(INPUT MATERIAL)
━━━━━━━━━━━━━━━━

Lemma path_suffix (T : eqType) (e : rel T) a w x : path e a w -> x \in a :: w ->
  exists v, [/\ path e x v, last x v = last a w & size v <= size w].
Proof.
move=> pw; rewrite inE; have [-> _|_ /= xw] := eqVneq x a; first by exists w.
case/splitPr: xw pw => u v; rewrite cat_path last_cat /= => /and3P[_ _ pv].
by exists v; split=> //; rewrite size_cat /=; lia.
Qed.

Section FunctionalPaths.
Variables (T : eqType) (e : rel T).
Hypothesis e_fun : forall x y y', e x y -> e x y' -> y = y'.

Lemma maximal_path_eq a w1 w2 : path e a w1 -> path e a w2 ->
  (forall y, ~~ e (last a w1) y) -> (forall y, ~~ e (last a w2) y) -> w1 = w2.
Proof.
elim: w1 a w2 => [|b w1 IHw] a [|c w2] //=.
- by move=> _ /andP[eac _] /(_ c); rewrite eac.
- by move=> /andP[eab _] _ _ /(_ b); rewrite eab.
- move=> /andP[eab pb] /andP[eac pc] maxb maxc.
  by have bc := e_fun eab eac; subst c; rewrite (IHw b w2).
Qed.

Lemma maximal_path_uniq a w : path e a w -> (forall y, ~~ e (last a w) y) ->
  uniq (a :: w).
Proof.
elim: w a => [|b w IHw] a // /andP[eab pb] maxw.
rewrite cons_uniq IHw // andbT; apply/negP => /(path_suffix pb)[v [pv last_v size_v]].
have maxv y : ~~ e (last a v) y by rewrite last_v; apply: maxw.
have p_bw : path e a (b :: w) by rewrite /= eab.
by have /(congr1 size) /= := maximal_path_eq p_bw pv maxw maxv; lia.
Qed.

End FunctionalPaths.

Lemma path_pred (T : eqType) (e : rel T) a w y : path e a w -> y \in w ->
  exists2 x, x \in a :: w & e x y.
Proof.
move=> pw yw; case/splitPr: yw pw => u v; rewrite cat_path /= => /and3P[_ exy _].
by exists (last a u); rewrite // -cat_cons mem_cat mem_last.
Qed.

Lemma rev_belast_last (T : Type) (a : T) w : last (last a w) (rev (belast a w)) = a.
Proof. by case: w => //= b w; rewrite rev_cons last_rcons. Qed.

Section PartialBijectionPaths.
Variables (T : eqType) (e : rel T).
Hypothesis e_fun : forall x y y', e x y -> e x y' -> y = y'.
Hypothesis e_cofun : forall x x' y, e x y -> e x' y -> x = x'.

Let e_rev_fun : forall x y y', e y x -> e y' x -> y = y'.
Proof. by move=> x y y'; apply: e_cofun. Qed.

Lemma maximal_path_rev_eq a1 w1 a2 w2 : path e a1 w1 -> path e a2 w2 ->
  (forall y, ~~ e y a1) -> (forall y, ~~ e y a2) -> last a1 w1 = last a2 w2 ->
  a1 :: w1 = a2 :: w2.
Proof.
move=> p1 p2 src1 src2 L; rewrite [_ :: w1]lastI [_ :: w2]lastI L; congr rcons.
apply: (can_inj revK); apply: (maximal_path_eq e_rev_fun (a := last a2 w2)).
- by rewrite -{1}L rev_path.
- by rewrite rev_path.
- by move=> y; rewrite -{1}L rev_belast_last.
- by move=> y; rewrite rev_belast_last.
Qed.

Lemma source_path_uniq a w : path e a w -> (forall y, ~~ e y a) -> uniq (a :: w).
Proof.
move=> pw src; rewrite -rev_uniq lastI rev_rcons.
apply: (maximal_path_uniq e_rev_fun); first by rewrite rev_path.
by move=> y; rewrite rev_belast_last.
Qed.

Lemma maximal_paths_meet a1 w1 a2 w2 x : path e a1 w1 -> path e a2 w2 ->
  (forall y, ~~ e y a1) -> (forall y, ~~ e y a2) ->
  (forall y, ~~ e (last a1 w1) y) -> (forall y, ~~ e (last a2 w2) y) ->
  x \in a1 :: w1 -> x \in a2 :: w2 -> a1 :: w1 = a2 :: w2.
Proof.
move=> p1 p2 src1 src2 snk1 snk2 /(path_suffix p1)[v1 [pv1 L1 _]].
move=> /(path_suffix p2)[v2 [pv2 L2 _]].
apply: maximal_path_rev_eq => //; rewrite -L1 -L2.
by congr last; apply: (maximal_path_eq e_fun pv1 pv2) => y; rewrite ?L1 ?L2.
Qed.

End PartialBijectionPaths.

Lemma exists_maximal_path (T : finType) (e : rel T)
    (e_cofun : forall x x' y, e x y -> e x' y -> x = x') a :
  (forall y, ~~ e y a) -> exists2 w, path e a w & forall y, ~~ e (last a w) y.
Proof.
move=> src; apply: NNPP => no_max.
have long k : exists2 w, path e a w & size w = k.
  elim: k => [|k [w pw <-]]; first by exists [::].
  have [y ey] : exists y, e (last a w) y.
    apply: NNPP => no_y; apply: no_max; exists w => // y.
    by apply/negP => ey; apply: no_y; exists y.
  by exists (rcons w y); rewrite ?rcons_path ?pw ?ey ?size_rcons.
have [w pw sw] := long #|T|.
have := max_card (mem (a :: w)).
by rewrite (card_uniqP (source_path_uniq e_cofun pw src)) /= sw ltnn.
Qed.

Lemma exists_maximal_path_to (T : finType) (e : rel T)
    (e_fun : forall x y y', e x y -> e x y' -> y = y') b :
  (forall y, ~~ e b y) ->
  exists a w, [/\ path e a w, last a w = b & forall y, ~~ e y a].
Proof.
move=> snk; have e_rev_cofun x x' y : e y x -> e y x' -> x = x' by apply: e_fun.
have [w pw snkw] := exists_maximal_path (e := fun x y => e y x) e_rev_cofun snk.
exists (last b w), (rev (belast b w)); split => //; last exact: rev_belast_last.
by rewrite rev_path.
Qed.

Lemma iter_mul_fixed (T : Type) (f : T -> T) p m x :
  iter p f x = x -> iter (m * p) f x = x.
Proof. by move=> per_p; elim: m => // m IHm; rewrite mulSn iterD IHm. Qed.

Lemma big_seq_sub (T : eqType) (S L : seq T) (F : T -> nat) :
  uniq S -> uniq L -> {subset L <= S} ->
  \sum_(x <- S | x \in L) F x = \sum_(x <- L) F x.
Proof.
move=> S_uniq L_uniq LS; rewrite -big_filter; apply/perm_big/uniq_perm => //.
  exact: filter_uniq.
by move=> x; rewrite mem_filter andb_idr //; apply: LS.
Qed.

Section IterOrbits.
Variables (T : eqType) (f : T -> T) (S : seq T).
Hypothesis f_in : {in S, forall x, f x \in S}.
Hypothesis f_inj : {in S &, injective f}.

Definition iter_orbit x := [seq iter k f x | k <- iota 0 (size S)].

Lemma iter_in k x : x \in S -> iter k f x \in S.
Proof. by move=> xS; elim: k => //= k IHk; apply: f_in. Qed.

Lemma iter_period x : x \in S -> exists2 p, 0 < p <= size S & iter p f x = x.
Proof.
move=> xS; have : ~~ uniq (mkseq (fun k => iter k f x) (size S).+1).
  apply/negP => /uniq_leq_size le_S.
  have /le_S : {subset mkseq (fun k => iter k f x) (size S).+1 <= S}.
    by move=> _ /mapP[k _ ->]; apply: iter_in.
  by rewrite size_mkseq ltnn.
case/(uniqPn x) => i [j [lt_ij lt_jS]]; rewrite size_mkseq in lt_jS.
rewrite !nth_mkseq ?(ltn_trans lt_ij) // => eq_ij.
have cancel_iter k d : iter (d + k) f x = iter k f x -> iter d f x = x.
  elim: k => [|k IHk]; first by rewrite addn0.
  by rewrite addnS => /f_inj eq_k; apply: IHk; apply: eq_k; apply: iter_in.
exists (j - i); last by apply: (cancel_iter i); rewrite subnK ?eq_ij // ltnW.
by rewrite subn_gt0 lt_ij (leq_trans (leq_subr _ _)).
Qed.

Lemma iter_orbitP x y :
  x \in S -> reflect (exists k, y = iter k f x) (y \in iter_orbit x).
Proof.
move=> xS; apply: (iffP mapP) => [[k _ ->]|[k ->]]; first by exists k.
have [p /andP[p_gt0 p_le] per_p] := iter_period xS.
have iter_mulp m : iter (m * p) f x = x by apply: iter_mul_fixed.
exists (k %% p); last by rewrite {1}(divn_eq k p) addnC iterD iter_mulp.
by rewrite mem_iota /= (leq_trans (ltn_pmod _ p_gt0)).
Qed.

Lemma iter_orbit_id x : x \in S -> x \in iter_orbit x.
Proof. by move=> xS; apply/iter_orbitP => //; exists 0. Qed.

Lemma iter_orbit_sub x : x \in S -> {subset iter_orbit x <= S}.
Proof. by move=> xS y /iter_orbitP[] // k ->; apply: iter_in. Qed.

Lemma iter_orbit_eq x y : x \in S -> y \in iter_orbit x -> iter_orbit x =i iter_orbit y.
Proof.
move=> xS xy; have yS := iter_orbit_sub xS xy.
case/iter_orbitP: xy => // j ->{y} in yS *.
have [p /andP[p_gt0 _] per_p] := iter_period xS.
have iter_mulp m : iter (m * p) f x = x by apply: iter_mul_fixed.
move=> z; apply/iter_orbitP/iter_orbitP => // -[k ->].
  exists (k + p.-1 * j); rewrite iterD -[iter _ f (iter j f x)]iterD.
  by rewrite -mulSnr prednK // mulnC iter_mulp.
by exists (k + j); rewrite iterD.
Qed.

Variables (X : eqType) (orbs : seq X) (orbit_at : T -> X) (mem_orbit : X -> T -> bool).
Hypothesis orbs_uniq : uniq orbs.
Hypothesis orbsE : orbs =i map orbit_at S.
Hypothesis mem_orbit_at :
  {in S, forall x y, mem_orbit (orbit_at x) y = (y \in iter_orbit x)}.
Hypothesis mem_orbit_inj : forall O1 O2, mem_orbit O1 =1 mem_orbit O2 -> O1 = O2.

Lemma count_orbits x : x \in S -> count (mem_orbit^~ x) orbs = 1.
Proof.
move=> xS; transitivity (count_mem (orbit_at x) orbs).
  apply: eq_in_count => O; rewrite orbsE => /mapP[y yS ->] /=.
  apply/idP/eqP => [|->]; last by rewrite mem_orbit_at // iter_orbit_id.
  rewrite mem_orbit_at // => xy; apply: mem_orbit_inj => z.
  by rewrite !mem_orbit_at // (iter_orbit_eq yS xy).
by rewrite count_uniq_mem // orbsE map_f.
Qed.

Lemma big_orbits (F : T -> nat) :
  \sum_(O <- orbs) \sum_(x <- S | mem_orbit O x) F x = \sum_(x <- S) F x.
Proof.
under eq_bigr do rewrite big_mkcond /=.
rewrite exchange_big /=; apply: eq_big_seq => x xS.
by rewrite -big_mkcond big_const_seq count_orbits //= addn0.
Qed.

End IterOrbits.

Section Antipaths.
Variables (V A : finType) (s t : A -> V) (R : rel A) (sigma tau : A -> bool).
Hypothesis sign : sign_functions s t R sigma tau.

Definition out a : V * bool := (s a, sigma a).
Definition inn a : V * bool := (t a, tau a).
Definition link a b := out a == inn b.
Definition head (g : gpath V A) := (gtgt t g, gtau tau g).
Definition foot (g : gpath V A) := (gsrc s g, gsigma sigma g).

Local Notation maxA := (maxAnti s t R sigma tau).

Lemma out_inj : injective out.
Proof.
case: sign => sigma_sep _ a b [eq_s eq_sigma]; apply/eqP/contraT => neq_ab.
by have := sigma_sep a b neq_ab eq_s; rewrite eq_sigma eqxx.
Qed.

Lemma inn_inj : injective inn.
Proof.
case: sign => _ [tau_sep _] a b [eq_t eq_tau]; apply/eqP/contraT => neq_ab.
by have := tau_sep a b neq_ab eq_t; rewrite eq_tau eqxx.
Qed.

Lemma link_fun a b b' : link a b -> link a b' -> b = b'.
Proof. by move=> /eqP ab /eqP ab'; apply: inn_inj; rewrite -ab -ab'. Qed.

Lemma link_cofun a a' b : link a b -> link a' b -> a = a'.
Proof. by move=> /eqP ab /eqP a'b; apply: out_inj; rewrite ab a'b. Qed.

Lemma antipathE a w : antipath s t R (inr (a, w)) = path link a w.
Proof.
rewrite /antipath /is_path /= -path_relI; apply: eq_path => b c /=.
rewrite /link /out /inn xpair_eqE; have [eq_st|] //= := eqVneq (s b) (t c).
by case: sign => _ [_ /(_ b c eq_st)[R_sigma sigma_R]]; apply/idP/eqP.
Qed.

Lemma maxAntiP g : maxA g <->
  [/\ antipath s t R g, forall a, out a != head g & forall b, inn b != foot g].
Proof.
by split=> [/and3P[? /existsPn ? /existsPn ?] | [? ? ?]];
  last apply/and3P; split=> //; apply/existsPn.
Qed.

Lemma maxAnti_inrP a w : maxA (inr (a, w)) <->
  [/\ path link a w, forall b, ~~ link b a & forall b, ~~ link (last a w) b].
Proof.
rewrite maxAntiP antipathE /link.
by split=> -[pw src snk]; split=> // b; rewrite eq_sym; apply: snk.
Qed.

Lemma maxAnti_inlP x e : maxA (inl (inr (x, e))) <->
  (forall a, out a != (x, e)) /\ (forall b, inn b != (x, e)).
Proof. by rewrite maxAntiP; split=> [[]|[]]. Qed.

Lemma exists_maxAnti_head n : (forall a, out a != n) -> exists2 g, maxA g & head g = n.
Proof.
move=> no_out; case: (pickP (fun b => inn b == n)) => [b /eqP inn_b | no_inn].
  have src y : ~~ link y b by rewrite /link inn_b no_out.
  have [w pw snk] := exists_maximal_path link_cofun src.
  by exists (inr (b, w)); first exact/maxAnti_inrP.
case: n no_out no_inn => x e no_out no_inn.
by exists (inl (inr (x, e))) => //; apply/maxAnti_inlP; split=> // b; rewrite no_inn.
Qed.

Lemma exists_maxAnti_foot n : (forall b, inn b != n) -> exists2 g, maxA g & foot g = n.
Proof.
move=> no_inn; case: (pickP (fun a => out a == n)) => [a /eqP out_a | no_out].
  have snk y : ~~ link a y by rewrite /link out_a eq_sym no_inn.
  have [a' [w [pw last_w src]]] := exists_maximal_path_to link_fun snk.
  exists (inr (a', w)); first by apply/maxAnti_inrP; rewrite last_w.
  by rewrite -out_a -last_w.
case: n no_inn no_out => x e no_inn no_out.
by exists (inl (inr (x, e))) => //; apply/maxAnti_inlP; split=> // a; rewrite no_out.
Qed.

━━━━━━━━━━━━━━━━

Copy out the range of lines above starting at the line with "Definition iter_orbit x" and ending at the line with "have cancel_iter k", exactly and including both.

(EXPECTED ANSWER)
Definition iter_orbit x := [seq iter k f x | k <- iota 0 (size S)].

Lemma iter_in k x : x \in S -> iter k f x \in S.
Proof. by move=> xS; elim: k => //= k IHk; apply: f_in. Qed.

Lemma iter_period x : x \in S -> exists2 p, 0 < p <= size S & iter p f x = x.
Proof.
move=> xS; have : ~~ uniq (mkseq (fun k => iter k f x) (size S).+1).
  apply/negP => /uniq_leq_size le_S.
  have /le_S : {subset mkseq (fun k => iter k f x) (size S).+1 <= S}.
    by move=> _ /mapP[k _ ->]; apply: iter_in.
  by rewrite size_mkseq ltnn.
case/(uniqPn x) => i [j [lt_ij lt_jS]]; rewrite size_mkseq in lt_jS.
rewrite !nth_mkseq ?(ltn_trans lt_ij) // => eq_ij.
have cancel_iter k d : iter (d + k) f x = iter k f x -> iter d f x = x.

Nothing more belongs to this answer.